В 1946 году его отправили в Москву и предложили работать по специальности. То есть практически его скоро заметили. Он стал руководить научно-исследовательской темой. Ему дали лабораторию и полигон. Через два года случилось несчастье — произошел взрыв. Волкову обожгло руки, голову, переломало кости. Чудом сохранились глаза. Когда он подлечился, его опять наказали. Как руководитель, он должен был отвечать.
Отправили в Магадан, сразу на должность начальника производства. С неподдельным восторгом описывал он поездку на пароходе — пролив Лаперуза, последний маяк Японии, Охотское море… Во время шторма он носился с кормы на нос, стараясь ничего не упустить. Качка на него не действовала. Он любовался бурей и сравнивал ее с картиной Айвазовского «Девятый вал». В свое время у него, видите ли, имелись сомнения — правильный ли цвет волны написал художник, бывают ли такие краски на гребне. Вцепившись в поручни, он проверял: огромный вал вздымался над головой, и оказалось, что Айвазовский прав. Приглядываясь к пылающим краскам тайги, он вспоминает Куинджи, Левитана, Шишкина, ну прямо заметки искусствоведа, будто он то и дело забегает в Русский музей сравнить.

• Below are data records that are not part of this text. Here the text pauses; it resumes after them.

(* Let $m\ge1$ and let $X_1,X_2,\dots$ be i.i.d. random words in $\{0,1\}^m$, where word $\mathbf{w}_i$ has probability $P_i$ and the words are indexed so that $P_1\ge P_2\ge\dots\ge P_{2^m}$. Let $\mathbf{y}_1,\dots,\mathbf{y}_{2^m}$ be the distinct words of $\{0,1\}^m$ listed in order of nondecreasing cost, with $c_i=c(\mathbf{y}_i)$, and let $\phi$ be the direct shaping encoder (described in the context). Let $C_t=c(\phi(X_1,\dots,X_t))/t$, where $c(\phi(X_1,\dots,X_t))$ is the sum of the costs of the first $t$ output codewords. Then the asymptotic expected average cost satisfies $$C_\infty=\lim_{t\to\infty}E(C_t)=\sum_i P_ic_i.$$
   Context: Direct shaping code: the encoder maintains a list of all $2^m$ input words paired with frequency counts $n_k$ (initially all $0$, words ordered lexicographically), kept in nonincreasing order of counts. When input word $\mathbf{x}$ arrives, it is mapped to the output word $\mathbf{y}_k$ occupying the same position $k$ as $\mathbf{x}$ in the list; then the count of $\mathbf{x}$ is increased by one, from $n$ to $n+1$, and $\mathbf{x}$ is moved above all pairs with counts less than or equal to $n+1$. Costs: each codeword $\mathbf{y}$ has a cost $c(\mathbf{y})$ (e.g. for SLC flash, the number of $0$ symbols in $\mathbf{y}$), and the cost of a sequence of codewords is the sum of their costs. No channel errors are assumed. *)

From HB Require Import structures.
From mathcomp Require Import all_boot all_order all_algebra.
From mathcomp Require Import all_classical all_reals all_analysis.

Set Implicit Arguments.
Unset Strict Implicit.
Unset Printing Implicit Defensive.

Import Order.TTheory GRing.Theory Num.Theory.
Local Open Scope ring_scope.

(* Words of {0,1}^m; false = 0, true = 1. *)
Notation word m := (m.-tuple bool).

Definition word0 (m : nat) : word m := [tuple of nseq m false].

Fixpoint lexle (u v : seq bool) : bool :=
  match u, v with
  | [::], _ => true
  | _ :: _, [::] => false
  | a :: u', b :: v' => (~~ a && b) || ((a == b) && lexle u' v')
  end.

Definition init_list (m : nat) : seq (word m) :=
  sort (fun u v : word m => lexle u v) (enum {: word m}).

Record ds_state (m : nat) := DSState {
  st_list : seq (word m);
  st_cnt : {ffun word m -> nat} }.

Definition init_state (m : nat) : ds_state m :=
  DSState (init_list m) [ffun => 0%N].

(* Update after input word x: count of x goes from n to n+1, and x is moved
   above all pairs with count <= n+1. *)
Definition ds_step (m : nat) (st : ds_state m) (x : word m) : ds_state m :=
  let n1 := (st_cnt st x).+1 in
  let cnt' := [ffun w => if w == x then n1 else st_cnt st w] in
  let l' := rem x (st_list st) in
  let k := find (fun w => (cnt' w <= n1)%N) l' in
  DSState (take k l' ++ x :: drop k l') cnt'.

(* Positions (0-based) of the successive input words in the list at the time
   they arrive. *)
Fixpoint ds_positions (m : nat) (st : ds_state m) (s : seq (word m)) : seq nat :=
  match s with
  | [::] => [::]
  | x :: s' => index x (st_list st) :: ds_positions (ds_step st x) s'
  end.

(* Direct shaping encoder phi: the input word at position k is mapped to the
   output word y_k, where ys = [y_1; ...; y_{2^m}] (0-based nth). *)
Definition ds_encode (m : nat) (ys : seq (word m)) (s : seq (word m)) : seq (word m) :=
  map (fun k => nth (word0 m) ys k) (ds_positions (init_state m) s).

Definition seq_cost (R : realType) (m : nat) (c : word m -> R) (s : seq (word m)) : R :=
  \sum_(y <- s) c y.

Definition expected_avg_cost (R : realType) (m : nat) (P c : word m -> R)
    (ys : seq (word m)) (t : nat) : R :=
  \sum_(s : t.-tuple (word m))
     (\prod_(x <- s) P x) * (seq_cost c (ds_encode ys s) / t%:R).

From HB Require Import structures.
From mathcomp Require Import all_boot all_order all_algebra.
From mathcomp Require Import all_classical all_reals all_analysis.
From mathcomp Require Import ring lra.

(* After an input prefix s, the encoder's list is sorted by nonincreasing
   counts [count_mem w s].  If every pair with P x > P y satisfies
   count x > count y, the list is therefore also sorted by nonincreasing
   probability and the next output word has expected cost exactly
   \sum_i P_i c_i; otherwise the error is at most 2 \sum_w |c w|.
   Chebyshev's inequality for the i.i.d. sum of the increments
   1[z = x] - 1[z = y], whose mean P x - P y is positive, shows that each pair
   is misordered after t inputs with probability O(1/t).  Hence the expected
   cost of the (t+1)-st output tends to \sum_i P_i c_i, and so does its Cesaro
   mean E(C_t). *)

Set Implicit Arguments.
Unset Strict Implicit.
Unset Printing Implicit Defensive.

Import Order.TTheory GRing.Theory Num.Theory numFieldNormedType.Exports.
Local Open Scope ring_scope.
Local Open Scope classical_set_scope.

Lemma sorted_insert_at_find (T : Type) (r : rel T) (p : pred T) (x : T) (s : seq T) :
  transitive r -> sorted r s ->
  (forall u, ~~ p u -> r u x) -> (forall v, p v -> r x v) ->
  sorted r (take (find p s) s ++ x :: drop (find p s) s).
Proof.
move=> r_tr; rewrite !(sorted_pairwise r_tr) => s_pw rNp rp.
move: s_pw; rewrite -[in pairwise _ s](cat_take_drop (find p s) s) pairwise_cat.
case/and3P=> r_take_drop pw_take pw_drop.
rewrite pairwise_cat /= allrel_consr r_take_drop pw_take pw_drop !andbT.
apply/andP; split.
  apply: (@sub_all _ (predC p)) => [u /rNp //|]; rewrite all_predC.
  by apply/negP => /find_ltn; rewrite ltnn.
move: pw_drop; case: findP => [_ | i lt_i p_i _]; first by rewrite drop_size.
rewrite (drop_nth x lt_i) /= => /andP[r_nth _].
rewrite rp //=; apply: sub_all r_nth => v /=.
exact: r_tr (rp _ (p_i x)).
Qed.
(* Let $G=(V,E_1,\dots,E_k)$ be a complete $k$-edge-colored graph. Assume that for every $i\in\{1,\dots,k\}$ the monochromatic subgraph $G_{|i}$, together with some labeling $\ell_i$, is a simple permutation graph, and that the quotient graph $G[M]/\mathbb{P}_{\max}(M)$ of each strong prime module $M$ of $G$ with $|M|\ge 3$ is $2$-edge-colored. Then $G$ is a complete edge-colored permutation graph.
   Context: A complete $k$-edge-colored graph $G=(V,E_1,\dots,E_k)$ is the complete graph on a finite set $V$ with edges partitioned into $k$ nonempty color classes $E_i$ (the one-vertex graph also counts); $G_{|i}=(V,E_i)$. A labeling is a bijection $\ell:V\to\{1,\dots,|V|\}$. A graph $(V,E)$ with labeling $\ell$ is a simple permutation graph of a permutation $\pi$ if for all $u,v$ with $\ell(u)>\ell(v)$: $\{u,v\}\in E$ iff $\pi^{-1}(\ell(u))<\pi^{-1}(\ell(v))$. $G$ is a complete edge-colored permutation graph if there exist a single labeling $\ell$ and permutations $\pi_1,\dots,\pi_k$ with $(G_{|i},\ell)$ a simple permutation graph of $\pi_i$ for all $i$. A module is a set $M\subseteq V$ such that for every $v\notin M$ all edges $\{u,v\}$, $u\in M$, have the same color; a strong module is a nonempty module comparable by inclusion or disjoint with every other module. For a strong module $M$ with $|M|\ge2$, $\mathbb{P}_{\max}(M)$ is the set of inclusion-maximal strong modules properly contained in $M$, and $G[M]/\mathbb{P}_{\max}(M)$ is the complete graph on $\mathbb{P}_{\max}(M)$ with $\{M_a,M_b\}$ colored by the common color of all edges between $M_a$ and $M_b$; for $|M|=1$ it is the one-vertex graph. A strong module is series if its quotient graph has at least two vertices and all its edges have one color, and prime otherwise. *)

From mathcomp Require Import all_boot all_order.
From mathcomp Require Import fingroup perm.
Set Implicit Arguments. Unset Strict Implicit. Unset Printing Implicit Defensive.
Lemma eig2_multiplex_le (u : 'rV[R]_N) :
  eig M 2 * (2 * (u *m u^T) 0 0) <=
  (u *m L1 *m u^T) 0 0 + (u *m L2 *m u^T) 0 0 + 4 * \sum_i w 0 i * u 0 i ^+ 2.
Proof.
have perp : (row_mx u (- u) *m (const_mx 1 : 'rV[R]_(N + N))^T) 0 0 = 0.
  by rewrite -row_mx_const tr_row_mx mul_row_col mulNmx addrN mxE.
have := eig2_le_rayleigh (multiplex_sym w sym1 sym2)
  (multiplex_mulones w ones1 ones2) (multiplex_psd psd1 psd2 w_ge0) perp.
rewrite multiplex_form dot_row_mx !(mulNmx, mulmxN, linearN) /= !opprK.
have -> : \sum_i w 0 i * (u 0 i - (- u) 0 i) ^+ 2 = 4 * \sum_i w 0 i * u 0 i ^+ 2.
  by rewrite mulr_sumr; apply: eq_bigr => i _; rewrite mxE; ring.
by move=> le2; rewrite mulr_natl mulr2n; exact: le2.
Qed.

End MultiplexSpectrum.

Definition multiplex_gap (R : realType) (N : nat) (c : R) : R :=
  let a := c / N%:R in let t := a / N%:R in
  Num.min (a / 2) (a * t / (N%:R + (2 * t + t ^+ 2))).

Section Gap.
Variables (R : realType) (N : nat) (L1 L2 : 'M[R]_N) (w : 'rV[R]_N) (c : R).
Local Notation M := (multiplex_laplacian L1 L2 w).
Local Notation ones := (const_mx 1 : 'rV[R]_N).
Hypotheses (sym1 : L1^T = L1) (sym2 : L2^T = L2).
Hypotheses (ones1 : L1 *m ones^T = 0) (ones2 : L2 *m ones^T = 0).
Hypothesis psd1 : forall x : 'rV[R]_N, 0 <= (x *m L1 *m x^T) 0 0.
Hypothesis psd2 : forall x : 'rV[R]_N, 0 <= (x *m L2 *m x^T) 0 0.
Hypotheses (diag1 : forall i, L1 i i <= N%:R) (diag2 : forall i, L2 i i <= N%:R).
Hypothesis w_ge0 : forall i, 0 <= w 0 i.
Hypothesis w_sum : \sum_i w 0 i = c.
Hypothesis N_gt0 : (0 < N)%N.

Let a := c / N%:R.
Let t := a / N%:R.
Let K := N%:R + (2 * t + t ^+ 2).

Let N_pos : 0 < N%:R :> R. Proof. by rewrite ltr0n. Qed.
Let c_ge0 : 0 <= c. Proof. by rewrite -w_sum sumr_ge0. Qed.
Let aN : a * N%:R = c. Proof. by rewrite divfK ?gt_eqF. Qed.
Let tN : t * N%:R = a. Proof. by rewrite divfK ?gt_eqF. Qed.
Let a_ge0 : 0 <= a. Proof. by rewrite divr_ge0 ?ler0n. Qed.
Let t_ge0 : 0 <= t. Proof. by rewrite divr_ge0 ?ler0n. Qed.

Lemma eig2_multiplex_le_mean : eig M 2 <= 2 * a.
Proof.
have := eig2_multiplex_le sym1 sym2 ones1 ones2 psd1 psd2 w_ge0 ones.
have quad0 (L : 'M[R]_N) : L *m ones^T = 0 -> (ones *m L *m ones^T) 0 0 = 0.
  by move=> onesL; rewrite -mulmxA onesL mulmx0 mxE.
rewrite quad0 // quad0 // dot_ones.
under eq_bigr do rewrite mxE expr1n mulr1.
rewrite w_sum -aN !add0r => le_mean.
by rewrite -(ler_pM2r N_pos); lra.
Qed.

Lemma eig2_multiplex_le_bump j :
  w 0 j <= a / 2 -> eig M 2 <= 2 * a - a * t / K.
Proof.
move=> wj_le.
have := eig2_multiplex_le sym1 sym2 ones1 ones2 psd1 psd2 w_ge0
  (ones + t *: delta_mx 0 j).
rewrite dot_bump (form_bump _ _ sym1 ones1) (form_bump _ _ sym2 ones2).
rewrite weighted_sq_bump w_sum -/K => le_bump.
have K_gt0 : 0 < K by rewrite /K; move: (sqr_ge0 t) N_pos t_ge0; lra.
rewrite -(ler_pM2r K_gt0) mulrBl divfK ?gt_eqF //.
have h1 : t ^+ 2 * L1 j j <= t ^+ 2 * N%:R by rewrite ler_wpM2l ?sqr_ge0 ?diag1.
have h2 : t ^+ 2 * L2 j j <= t ^+ 2 * N%:R by rewrite ler_wpM2l ?sqr_ge0 ?diag2.
have h3 : w 0 j * (2 * t + t ^+ 2) <= a / 2 * (2 * t + t ^+ 2).
  by rewrite ler_wpM2r //; move: (sqr_ge0 t) t_ge0; lra.
have h4 : t ^+ 2 * N%:R = a * t by rewrite expr2 -mulrA tN mulrC.
have h5 : 0 <= a * t ^+ 2 by rewrite mulr_ge0 ?sqr_ge0.
move: le_bump; rewrite /K -aN; nra.
Qed.

Lemma multiplex_gap_le :
  Num.max (eig_max L1) (eig_max L2) - 2 * a + multiplex_gap N c <=
  eig M (N + N) - eig M 2.
Proof.
rewrite /multiplex_gap -/a -/t -/K.
have eig_max_ge := eig_max_multiplex_ge (w := w) sym1 sym2 N_gt0.
have [[j wj_lt]|no_small] := pselect (exists j, w 0 j < a / 2).
  have := eig_max_ge _ w_ge0.
  have := eig2_multiplex_le_bump (ltW wj_lt).
  have : Num.min (a / 2) (a * t / K) <= a * t / K by rewrite ge_min lexx orbT.
  lra.
have w_ge i : a / 2 <= w 0 i.
  by rewrite leNgt; apply/negP => wi_lt; apply: no_small; exists i.
have := eig_max_ge _ w_ge; have := eig2_multiplex_le_mean.
have : Num.min (a / 2) (a * t / K) <= a / 2 by rewrite ge_min lexx.
lra.
Qed.

End Gap.

Lemma multiplex_gap_ge0 (R : realType) (N : nat) (c : R) :
  0 <= c -> 0 <= multiplex_gap N c.
Proof.
move=> c_ge0; rewrite /multiplex_gap /=.
set a := c / N%:R; set t := a / N%:R.
have a_ge0 : 0 <= a by rewrite divr_ge0 ?ler0n.
have t_ge0 : 0 <= t by rewrite divr_ge0 ?ler0n.
have K_ge0 : 0 <= N%:R + (2 * t + t ^+ 2) by move: (sqr_ge0 t) (ler0n R N); lra.
by rewrite le_min; apply/andP; split; apply: divr_ge0 => //; apply: mulr_ge0.
Qed.

Lemma multiplex_gap_gt0 (R : realType) (N : nat) (c : R) :
  (0 < N)%N -> 0 < c -> 0 < multiplex_gap N c.
Proof.
move=> N_gt0 c_gt0; rewrite /multiplex_gap /=.
set a := c / N%:R; set t := a / N%:R.
have N_pos : 0 < N%:R :> R by rewrite ltr0n.
have a_gt0 : 0 < a by rewrite divr_gt0.
have t_gt0 : 0 < t by rewrite divr_gt0.
have K_gt0 : 0 < N%:R + (2 * t + t ^+ 2) by move: (sqr_ge0 t); lra.
by rewrite lt_min; apply/andP; split; apply: divr_gt0 => //; apply: mulr_gt0.
Qed.

Theorem lemma1 (R : realType) (N : nat) (e1 e2 : rel 'I_N) :
  (0 < N)%N -> simple_graph e1 -> simple_graph e2 ->
  let L1 := laplacian R e1 in
  let L2 := laplacian R e2 in
  let lamN1 := Num.max (eig_max L1) (eig_max L2) in
  forall c : R, 0 <= c ->
    lamN1 - 2 * c / N%:R <= Hmin L1 L2 c /\
    (c != 0 -> lamN1 - 2 * c / N%:R < Hmin L1 L2 c).
Proof.
move=> N_gt0 [sym1 irr1] [sym2 irr2] L1 L2 lamN1 c c_ge0.
have Hmin_ge : lamN1 - 2 * c / N%:R + multiplex_gap N c <= Hmin L1 L2 c.
  apply: lb_le_inf.
    eexists; exists (const_mx (c / N%:R)) => //.
    split=> [i|]; rewrite ?mxE ?divr_ge0 //.
    under eq_bigr do rewrite mxE.
    rewrite sumr_const card_ord -[_ *+ N]mulr_natr.
    by rewrite divfK ?pnatr_eq0 ?gtn_eqF.
  move=> _ [w [w_ge0 w_sum] <-]; rewrite -mulrA.
  apply: multiplex_gap_le w_sum N_gt0 => //;
    by [apply: laplacian_sym | apply: laplacian_mulones |
        apply: laplacian_psd | apply: laplacian_diag_le].
split=> [|c_neq0]; first by move: (multiplex_gap_ge0 N c_ge0) Hmin_ge; lra.
have c_gt0 : 0 < c by rewrite lt_def c_neq0.
by move: (multiplex_gap_gt0 N_gt0 c_gt0) Hmin_ge; lra.
Qed.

Любой посторонний читатель вознегодовал бы — чего он строит из себя, ваньку валяет, до пейзажей ли? Манерничанье все это. Но я-то знал — кто пишет и кому. Ему показать надо было Жанне, что в любых условиях духовная жизнь его не гасла, в нем осталось поэтическое восприятие мира, не надо его жалеть, он все тот же, ему не нужны скидки. Иногда он перебирал в своих восторгах перед дикой красой природы. Его благодушие сбивалось на фальшь. Однако ни одной жалобы, ни укора — ничего не позволил себе. Роль трудная, под конец ему все больших усилий стоило удерживать себя, сам себя за горло держал, иногда полузадушенный вскрик послышится — одиночество («Никого у меня не осталось, и уже не приобрести»), неуверенность («Хотел бы знать, что Вы думаете, читая это письмо?